**ASSIGNMENT:**
Repeat verbatim only the lines from the opening of the material below through the one that contains "apply (@norm_RInt_le_const CR".
*****
Lemma rect_int_bound (f : C -> C) (M : R) :
  rect_boundary_continuous f -> (forall w, on_rect_boundary a b c d w -> Cmod (f w) <= M) ->
  Cmod (rect_int f a b c d) <= 2 * ((b - a) + (d - c)) * M.
Proof.
  intros Hf HM.
  assert (Hside : forall (p : R -> C) (u v : R), u <= v -> ex_CRInt (fun t => f (p t)) u v ->
             (forall t, u <= t <= v -> on_rect_boundary a b c d (p t)) ->
             Cmod (CRInt (fun t => f (p t)) u v) <= (v - u) * M).
  { intros p u v Huv HI Hp. rewrite Cmod_norm.
    apply (@norm_RInt_le_const CR (fun t => f (p t))); auto.
    - intros t Ht. rewrite <- Cmod_norm. auto.
    - apply (@RInt_correct CR), HI. }
  assert (Hh : forall y, (y = c \/ y = d) ->
             Cmod (CRInt (fun t => f (t, y)) a b) <= (b - a) * M).
  { intros y Hy. apply (Hside (fun t => (t, y))); auto;
      [apply ex_CRInt_hside; intros t Ht; apply Hf|intros t Ht];
      unfold on_rect_boundary; simpl; lra. }
  assert (Hv : forall x, (x = a \/ x = b) ->
             Cmod (CRInt (fun t => f (x, t)) c d) <= (d - c) * M).
  { intros x Hx. apply (Hside (fun t => (x, t))); auto;
      [apply ex_CRInt_vside; intros t Ht; apply Hf|intros t Ht];
      unfold on_rect_boundary; simpl; lra. }
  unfold rect_int.
  eapply Rle_trans; [apply Cmod_triangle|]. rewrite Cmod_mult, Cmod_Ci, Rmult_1_l.
  unfold Cminus. eapply Rle_trans; [apply Rplus_le_compat; apply Cmod_triangle|]. rewrite !Cmod_opp.
  pose proof (Hh c (or_introl eq_refl)). pose proof (Hh d (or_intror eq_refl)).
  pose proof (Hv a (or_introl eq_refl)). pose proof (Hv b (or_intror eq_refl)).
  lra.
Qed.

End Rect_int.

Lemma CRInt_Chasles (g : R -> C) (u m v : R) : ex_CRInt g u m -> ex_CRInt g m v ->
  CRInt g u v = (CRInt g u m + CRInt g m v)%C.
Proof. intros. symmetry. apply (@RInt_Chasles CR); assumption. Qed.

Lemma rect_int_split_v (f : C -> C) (a m b c d : R) : a <= m <= b ->
  (forall t, a <= t <= b -> Ccontinuous_at f (t, c) /\ Ccontinuous_at f (t, d)) ->
  rect_int f a b c d = (rect_int f a m c d + rect_int f m b c d)%C.
Proof.
  intros Hm Hf. unfold rect_int.
  rewrite (CRInt_Chasles (fun t => f (t, c)) a m b), (CRInt_Chasles (fun t => f (t, d)) a m b); [ring|..];
  apply ex_CRInt_hside; try lra; intros t Ht; apply Hf; lra.
Qed.

Lemma rect_int_split_h (f : C -> C) (a b c n d : R) : c <= n <= d ->
  (forall t, c <= t <= d -> Ccontinuous_at f (a, t) /\ Ccontinuous_at f (b, t)) ->
  rect_int f a b c d = (rect_int f a b c n + rect_int f a b n d)%C.
Proof.
  intros Hn Hf. unfold rect_int.
  rewrite (CRInt_Chasles (fun t => f (a, t)) c n d), (CRInt_Chasles (fun t => f (b, t)) c n d); [ring|..];
  apply ex_CRInt_vside; try lra; intros t Ht; apply Hf; lra.
Qed.

Lemma CRInt_minus_const (g h : R -> C) (k : C) (u v : R) :
  ex_CRInt g u v -> ex_CRInt h u v -> (forall t, (g t - h t)%C = k) ->
  (CRInt g u v - CRInt h u v)%C = (RtoC (v - u) * k)%C.
Proof.
  intros [Ig HIg] [Ih HIh] Hk.
  rewrite (is_RInt_unique _ _ _ _ HIg), (is_RInt_unique _ _ _ _ HIh).
  apply (@filterlim_locally_unique _ _ CR _ _ _ _ _ (@is_RInt_minus CR _ _ _ _ _ _ HIg HIh)).
  eapply (@is_RInt_ext CR); [intros t _; symmetry; apply Hk|].
  replace (RtoC (v - u) * k)%C with (@scal _ CR (v - u) k)
    by (destruct k; apply injective_projections; simpl; unfold scal, mult; simpl; unfold mult; simpl; ring).
  apply (@is_RInt_const CR).
Qed.

Lemma rect_int_affine (al be : C) (a b c d : R) : a <= b -> c <= d ->
  rect_int (fun v => al + v * be)%C a b c d = 0%C.
Proof.
  intros Hab Hcd. set (f := fun v => (al + v * be)%C).
  assert (Hf : forall w, Ccontinuous_at f w).
  { intros w. apply ex_Cderiv_continuous, ex_Cderiv_plus; [apply ex_Cderiv_const|].
    apply (ex_Cderiv_mult (fun v => v)); [apply ex_Cderiv_id | apply ex_Cderiv_const]. }
  unfold rect_int.
  rewrite (CRInt_minus_const (fun t => f (t, c)) (fun t => f (t, d)) ((0, c - d)%R * be)%C a b).
  2, 3: apply ex_CRInt_hside; auto.
  2: intros t; unfold f; Cring.
  rewrite (CRInt_minus_const (fun t => f (b, t)) (fun t => f (a, t)) ((b - a, 0)%R * be)%C c d).
  2, 3: apply ex_CRInt_vside; auto.
  2: intros t; unfold f; Cring.
  Cring.
Qed.

(** * Goursat's theorem *)

Record rect := Rect { ra : R; rb : R; rc : R; rd : R }.

Definition rint (f : C -> C) (q : rect) : C := rect_int f (ra q) (rb q) (rc q) (rd q).

Definition in_rect (q : rect) (w : C) : Prop := ra q <= fst w <= rb q /\ rc q <= snd w <= rd q.

Definition rect_ok (q : rect) : Prop := ra q <= rb q /\ rc q <= rd q.

Definition rect_size (q : rect) : R := (rb q - ra q) + (rd q - rc q).

Lemma rint_local_bound (f : C -> C) (p l : C) (eps : R) : is_Cderiv f p l -> 0 < eps ->
  exists del, 0 < del /\ forall q, rect_ok q -> in_rect q p -> rect_size q < del ->
    (forall w, in_rect q w -> ex_Cderiv f w) ->
    Cmod (rint f q) <= 2 * eps * rect_size q ^ 2.
Proof.
  intros Hl Heps. destruct (Hl eps Heps) as [del [Hdel Hdl]].
  exists del. split; [exact Hdel|]. intros q [Hab Hcd] [Hpx Hpy] Hsize Hf.
  set (aff := fun v => (f p - p * l + v * l)%C).
  set (g := fun v => (f v - aff v)%C).
  assert (Hin : forall w, on_rect_boundary (ra q) (rb q) (rc q) (rd q) w -> in_rect q w)
    by (intros w Hw; apply (on_rect_boundary_in _ _ _ _ _ Hab Hcd Hw)).
  assert (Haff : forall w, ex_Cderiv aff w).
  { intros w. apply ex_Cderiv_plus; [apply ex_Cderiv_const|].
    apply (ex_Cderiv_mult (fun v => v)); [apply ex_Cderiv_id | apply ex_Cderiv_const]. }
  assert (Hclose : forall w, in_rect q w -> Cmod (w - p) <= rect_size q).
  { intros w [Hwx Hwy]. eapply Rle_trans; [apply Cmod_le_Rabs_fst_snd|].
    unfold rect_size. simpl. unfold Rminus at 1 2.
    assert (Rabs (fst w + - fst p) <= rb q - ra q) by (apply Rabs_le; lra).
    assert (Rabs (snd w + - snd p) <= rd q - rc q) by (apply Rabs_le; lra). lra. }
  assert (Hg : forall w, in_rect q w -> Cmod (g w) <= eps * rect_size q).
  { intros w Hw. unfold g, aff.
    replace (f w - (f p - p * l + w * l))%C with (f w - f p - (w - p) * l)%C by ring.
    pose proof (Hclose w Hw). eapply Rle_trans; [apply Hdl; lra|].
    apply Rmult_le_compat_l; lra. }
  assert (E : rint f q = rint g q).
  { unfold rint. rewrite (rect_int_ext _ _ _ _ Hab Hcd f (fun w => g w + 1 * aff w)%C)
      by (intros; unfold g; ring).
    assert (Haff0 : rect_int aff (ra q) (rb q) (rc q) (rd q) = 0%C) by (apply rect_int_affine; auto).
    rewrite (rect_int_lin _ _ _ _ Hab Hcd), Haff0; [ring|..]; intros w Hw; apply ex_Cderiv_continuous;
      first [apply Haff | apply ex_Cderiv_minus; [apply Hf, Hin, Hw | apply Haff]]. }
  rewrite E. unfold rint.
  replace (2 * eps * rect_size q ^ 2) with (2 * rect_size q * (eps * rect_size q)) by ring.
  apply rect_int_bound; auto.
  intros w Hw. apply ex_Cderiv_continuous, ex_Cderiv_minus; [apply Hf, Hin, Hw | apply Haff].
Qed.

Definition quarter (i j : bool) (q : rect) : rect :=
  let mx := (ra q + rb q) / 2 in
  let my := (rc q + rd q) / 2 in
  Rect (if i then mx else ra q) (if i then rb q else mx)
       (if j then my else rc q) (if j then rd q else my).

Lemma quarter_ok (i j : bool) (q : rect) : rect_ok q -> rect_ok (quarter i j q).
Proof. unfold rect_ok; destruct i, j; simpl; lra. Qed.

Lemma rect_size_quarter (i j : bool) (q : rect) : rect_size (quarter i j q) = rect_size q / 2.
Proof. unfold rect_size; destruct i, j; simpl; field. Qed.

Lemma rint_quarters (f : C -> C) (q : rect) : rect_ok q -> (forall w, in_rect q w -> Ccontinuous_at f w) ->
  rint f q = (rint f (quarter false false q) + rint f (quarter true false q)
            + rint f (quarter false true q) + rint f (quarter true true q))%C.
Proof.
  destruct q as [a b c d]. unfold rect_ok, in_rect, rint, quarter; simpl. intros [Hab Hcd] Hf.
  rewrite (rect_int_split_v f a ((a + b) / 2) b c d) by (try lra; intros; split; apply Hf; simpl; lra).
  rewrite (rect_int_split_h f a ((a + b) / 2) c ((c + d) / 2) d),
          (rect_int_split_h f ((a + b) / 2) b c ((c + d) / 2) d)
    by (try lra; intros; split; apply Hf; simpl; lra).
  ring.
Qed.

Definition larger_rint (f : C -> C) (p q : rect) : rect :=
  if Rle_dec (Cmod (rint f p)) (Cmod (rint f q)) then q else p.

Definition largest_quarter (f : C -> C) (q : rect) : rect :=
  larger_rint f (larger_rint f (quarter false false q) (quarter true false q))
                (larger_rint f (quarter false true q) (quarter true true q)).

Lemma largest_quarter_is_quarter (f : C -> C) (q : rect) :
  exists i j, largest_quarter f q = quarter i j q.
Proof.
  unfold largest_quarter, larger_rint.
  repeat destruct Rle_dec; eauto.
Qed.

Lemma rint_largest_quarter (f : C -> C) (q : rect) : rect_ok q ->
  (forall w, in_rect q w -> Ccontinuous_at f w) ->
  Cmod (rint f q) <= 4 * Cmod (rint f (largest_quarter f q)).
Proof.
  intros Hq Hf. rewrite (rint_quarters f q Hq Hf).
  eapply Rle_trans; [apply Cmod_triangle|].
  eapply Rle_trans; [apply Rplus_le_compat_r, Cmod_triangle|].
  eapply Rle_trans; [apply Rplus_le_compat_r, Rplus_le_compat_r, Cmod_triangle|].
  unfold largest_quarter, larger_rint. repeat destruct Rle_dec; lra.
Qed.

Fixpoint bisect (f : C -> C) (q : rect) (n : nat) : rect :=
  match n with O => q | S n => largest_quarter f (bisect f q n) end.

Section Bisection.

Variables (f : C -> C) (q : rect).
Hypothesis Hq : rect_ok q.

Lemma bisect_step (n : nat) : exists i j, bisect f q (S n) = quarter i j (bisect f q n).
Proof. apply largest_quarter_is_quarter. Qed.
*****
**ANSWER SPACE:**
Lemma rect_int_bound (f : C -> C) (M : R) :
  rect_boundary_continuous f -> (forall w, on_rect_boundary a b c d w -> Cmod (f w) <= M) ->
  Cmod (rect_int f a b c d) <= 2 * ((b - a) + (d - c)) * M.
Proof.
  intros Hf HM.
  assert (Hside : forall (p : R -> C) (u v : R), u <= v -> ex_CRInt (fun t => f (p t)) u v ->
             (forall t, u <= t <= v -> on_rect_boundary a b c d (p t)) ->
             Cmod (CRInt (fun t => f (p t)) u v) <= (v - u) * M).
  { intros p u v Huv HI Hp. rewrite Cmod_norm.
    apply (@norm_RInt_le_const CR (fun t => f (p t))); auto.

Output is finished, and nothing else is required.